(* Consider the DC network $$-L_\alpha\dot I_\alpha=V_\alpha-u_\alpha\circ V_{s\alpha},\quad -L_\beta\dot I_\beta=(\mathbf 1_{n_\beta}-u_\beta)\circ V_\beta-V_{s\beta},\quad -L_l\dot I_l=D^\top V+R_lI_l,$$ $$C_\alpha\dot V_\alpha=I_\alpha-G_\alpha V_\alpha+D_\alpha I_l,\quad C_\beta\dot V_\beta=(\mathbf 1_{n_\beta}-u_\beta)\circ I_\beta-G_\beta V_\beta+D_\beta I_l,$$ extended by $\dot u=\upsilon$ where $u=(u_\alpha^\top,u_\beta^\top)^\top$. Let $I=(I_\alpha^\top,I_\beta^\top,I_l^\top)^\top$, $V=(V_\alpha^\top,V_\beta^\top)^\top$, $L=\mathrm{diag}(L_\alpha,L_\beta,L_l)$, $C=\mathrm{diag}(C_\alpha,C_\beta)$. Then the system is passive with respect to the storage function $S=\tfrac12\dot I^\top L\dot I+\tfrac12\dot V^\top C\dot V$ and the port-variables $\dot u$ and $$y_{\mathrm{DC}}=\begin{bmatrix}\dot I_\alpha\circ V_{s\alpha}\\ \dot I_\beta\circ V_\beta-\dot V_\beta\circ I_\beta\end{bmatrix},$$ i.e. $\dot S\le\dot u^\top y_{\mathrm{DC}}$.
   Context: The network is a connected undirected graph with $n_\alpha$ buck-converter nodes, $n_\beta$ boost-converter nodes ($n=n_\alpha+n_\beta$) and $m$ lines; $D\in\mathbb{R}^{n\times m}$ is the incidence matrix (entry $+1$/$-1$ if node $i$ is the positive/negative end of line $k$, else $0$), and $D_\alpha\in\mathbb{R}^{n_\alpha\times m}$, $D_\beta\in\mathbb{R}^{n_\beta\times m}$ are its rows for buck and boost nodes. $I_\alpha,V_\alpha,V_{s\alpha},u_\alpha\in\mathbb{R}^{n_\alpha}$; $I_\beta,V_\beta,V_{s\beta},u_\beta\in\mathbb{R}^{n_\beta}$; $I_l\in\mathbb{R}^m$ line currents; $V_{s\alpha},V_{s\beta}$ constant sources; $L_\alpha,L_\beta,L_l,C_\alpha,C_\beta,R_l,G_\alpha,G_\beta$ are positive definite diagonal matrices. $\circ$ is the entrywise (Hadamard) product, $\mathbf 1_{n_\beta}$ the all-ones vector, $u\in[0,1]^n$ duty cycles. *)

From HB Require Import structures.
From mathcomp Require Import all_boot all_order all_algebra.
From mathcomp Require Import all_classical all_reals all_analysis.
Set Implicit Arguments. Unset Strict Implicit. Unset Printing Implicit Defensive.
Import Order.TTheory GRing.Theory Num.Theory.
Local Open Scope ring_scope.

Section Defs.
Variable R : realType.

Definition dvec k (f : R -> 'cV[R]_k) : R -> 'cV[R]_k :=
  fun t => \col_i (derive1 (fun s => f s i ord0) t).

Definition vderivable k (f : R -> 'cV[R]_k) (t : R) : Prop :=
  forall i, derivable (fun s => f s i ord0) t 1.

Definition had k (a b : 'cV[R]_k) : 'cV[R]_k := \col_i (a i ord0 * b i ord0).

Definition pd_diag k (A : 'M[R]_k) : Prop :=
  exists d : 'rV[R]_k, A = diag_mx d /\ forall i, 0 < d ord0 i.

Definition is_incidence n m (D : 'M[R]_(n, m)) : Prop :=
  forall k : 'I_m, exists i j : 'I_n,
    [/\ i != j, D i k = 1, D j k = -1 &
        forall l, l != i -> l != j -> D l k = 0].

Definition incidence_connected n m (D : 'M[R]_(n, m)) : Prop :=
  forall i j : 'I_n,
    connect (fun a b => [exists k, (D a k != 0) && (D b k != 0)]) i j.

End Defs.
(* Let $H\ge2$ be an integer, $E_\infty=2\sqrt{\frac{H-1}{H}}$, and for $u\le -E_\infty$ let \[ I(u)=-\frac{u}{E_\infty^2}\sqrt{u^2-E_\infty^2}-\log\!\left(-u+\sqrt{u^2-E_\infty^2}\right)+\log E_\infty . \] For each integer $k\ge0$ define $\Theta_{k,H}:\mathbb{R}\to\mathbb{R}$ by \[ \Theta_{k,H}(u)=\begin{cases}\frac12\log(H-1)-\frac{(H-2)u^2}{4(H-1)}-(k+1)I(u), & u\le -E_\infty,\\[2pt] \frac12\log(H-1)-\frac{H-2}{4(H-1)}, & u\ge -E_\infty.\end{cases} \] Then for all integers $k>0$ and all $u<-E_\infty$, $\Theta_{k,H}(u)<\Theta_{0,H}(u)$.
   Context: These functions describe the logarithmic asymptotics (normalized by $\Lambda$) of the mean number of critical values of index $k$ below level $\Lambda u$ of the $H$-spin spherical spin-glass Hamiltonian; the claim itself is a statement purely about the explicitly defined functions above. *)

From Stdlib Require Import Reals.
Open Scope R_scope.

Definition E_inf (H : nat) : R := 2 * sqrt ((INR H - 1) / INR H).

Definition I_fun (H : nat) (u : R) : R :=
  - (u / (E_inf H ^ 2)) * sqrt (u ^ 2 - E_inf H ^ 2)
  - ln (- u + sqrt (u ^ 2 - E_inf H ^ 2)) + ln (E_inf H).

Definition Theta (k H : nat) (u : R) : R :=
  if Rle_dec u (- E_inf H) then
    / 2 * ln (INR H - 1) - (INR H - 2) * u ^ 2 / (4 * (INR H - 1))
      - (INR k + 1) * I_fun H u
  else
    / 2 * ln (INR H - 1) - (INR H - 2) / (4 * (INR H - 1)).

From Stdlib Require Import Reals Lra Lia.
From Coquelicot Require Import Coquelicot.
Open Scope R_scope.

(* On the branch u <= -E_inf, Theta k H u = Theta 0 H u - k I(u), so it suffices
   that I(u) > 0 for u < -E with E = E_inf H.  With s = sqrt (u^2 - E^2) and
   t = (-u + s) / E > 1 one has 1/t = (-u - s) / E, hence
   I(u) = -u s / E^2 - ln t > s / E - ln t = (t - 1/t) / 2 - ln t > 0. *)

Lemma two_ln_lt_sub_inv (t : R) : 1 < t -> 2 * ln t < t - / t.
Proof.
  intros Ht.
  destruct (MVT_cor2 (fun x => x - / x - 2 * ln x)
              (fun x => 1 + / x ^ 2 - 2 * / x) 1 t Ht) as [c [Hmvt Hc]].
  { intros c Hc. apply is_derive_Reals. auto_derive; [lra | field; lra]. }
  rewrite ln_1, Rinv_1 in Hmvt.
  assert (Hinv_c : / c < 1)
    by (rewrite <- Rinv_1; apply Rinv_lt_contravar; lra).
  assert (Hderiv_pos : 0 < 1 + / c ^ 2 - 2 * / c).
  { replace (1 + / c ^ 2 - 2 * / c) with ((1 - / c) ^ 2) by (field; lra).
    nra. }
  nra.
Qed.

Lemma ln_arccosh_lt (E v : R) : 0 < E -> E < v ->
  ln ((v + sqrt (v ^ 2 - E ^ 2)) / E) < v * sqrt (v ^ 2 - E ^ 2) / E ^ 2.
Proof.
  intros HE HEv.
  set (s := sqrt (v ^ 2 - E ^ 2)).
  assert (Hs : 0 < s) by (apply sqrt_lt_R0; nra).
  assert (Hss : s * s = v ^ 2 - E ^ 2) by (apply sqrt_sqrt; nra).
  set (t := (v + s) / E).
  assert (Ht : 1 < t).
  { unfold t. apply (Rmult_lt_reg_r E); [lra |]. field_simplify; lra. }
  assert (Hinv_t : / t = (v - s) / E).
  { unfold t. rewrite Rinv_div.
    apply (Rmult_eq_reg_r (E * (v + s))); [| nra].
    field_simplify; nra. }
  assert (Hdiff : t - / t = 2 * s / E) by (rewrite Hinv_t; unfold t; field; lra).
  assert (Hs_lt : s / E < v * s / E ^ 2).
  { apply (Rmult_lt_reg_r (E ^ 2)); [nra |]. field_simplify; nra. }
  pose proof (two_ln_lt_sub_inv t Ht) as Hln.
  rewrite Hdiff in Hln. unfold Rdiv in *. lra.
Qed.

Lemma E_inf_gt0 (H : nat) : (2 <= H)%nat -> 0 < E_inf H.
Proof.
  intros HH.
  assert (HR : 2 <= INR H) by exact (le_INR 2 H HH).
  unfold E_inf. apply Rmult_lt_0_compat; [lra |].
  apply sqrt_lt_R0, Rdiv_lt_0_compat; lra.
Qed.

Lemma I_fun_gt0 (H : nat) (u : R) : (2 <= H)%nat -> u < - E_inf H ->
  0 < I_fun H u.
Proof.
  intros HH Hu.
  pose proof (E_inf_gt0 H HH) as HE.
  assert (Hsq : u ^ 2 = (- u) ^ 2) by ring.
  assert (Hln := ln_arccosh_lt (E_inf H) (- u) HE ltac:(lra)).
  rewrite <- Hsq, ln_div in Hln; [| | lra].
  - unfold I_fun. unfold Rdiv in *. lra.
  - pose proof (sqrt_pos (u ^ 2 - E_inf H ^ 2)). lra.
Qed.

Lemma Theta_branch_sub (H k : nat) (u : R) : u <= - E_inf H ->
  Theta k H u = Theta 0 H u - INR k * I_fun H u.
Proof.
  intros Hu. unfold Theta.
  destruct (Rle_dec u (- E_inf H)); [simpl; ring | lra].
Qed.

Theorem corollary4p1 (H k : nat) (u : R) :
  (2 <= H)%nat -> (0 < k)%nat -> u < - E_inf H ->
  Theta k H u < Theta 0 H u.
Proof.
  intros HH Hk Hu.
  pose proof (I_fun_gt0 H u HH Hu) as HI.
  assert (Hk1 : 1 <= INR k) by (apply (le_INR 1); lia).
  rewrite (Theta_branch_sub H k u); [nra | lra].
Qed.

────────────────

* _Problem to work on_:
Set down, unchanged, only those lines above that fall between the line with "Lemma two_ln_lt_sub_inv (t" and the line with "assert (Hderiv_pos : 0", the two end lines included.

* _Answer area_:
Lemma two_ln_lt_sub_inv (t : R) : 1 < t -> 2 * ln t < t - / t.
Proof.
  intros Ht.
  destruct (MVT_cor2 (fun x => x - / x - 2 * ln x)
              (fun x => 1 + / x ^ 2 - 2 * / x) 1 t Ht) as [c [Hmvt Hc]].
  { intros c Hc. apply is_derive_Reals. auto_derive; [lra | field; lra]. }
  rewrite ln_1, Rinv_1 in Hmvt.
  assert (Hinv_c : / c < 1)
    by (rewrite <- Rinv_1; apply Rinv_lt_contravar; lra).
  assert (Hderiv_pos : 0 < 1 + / c ^ 2 - 2 * / c).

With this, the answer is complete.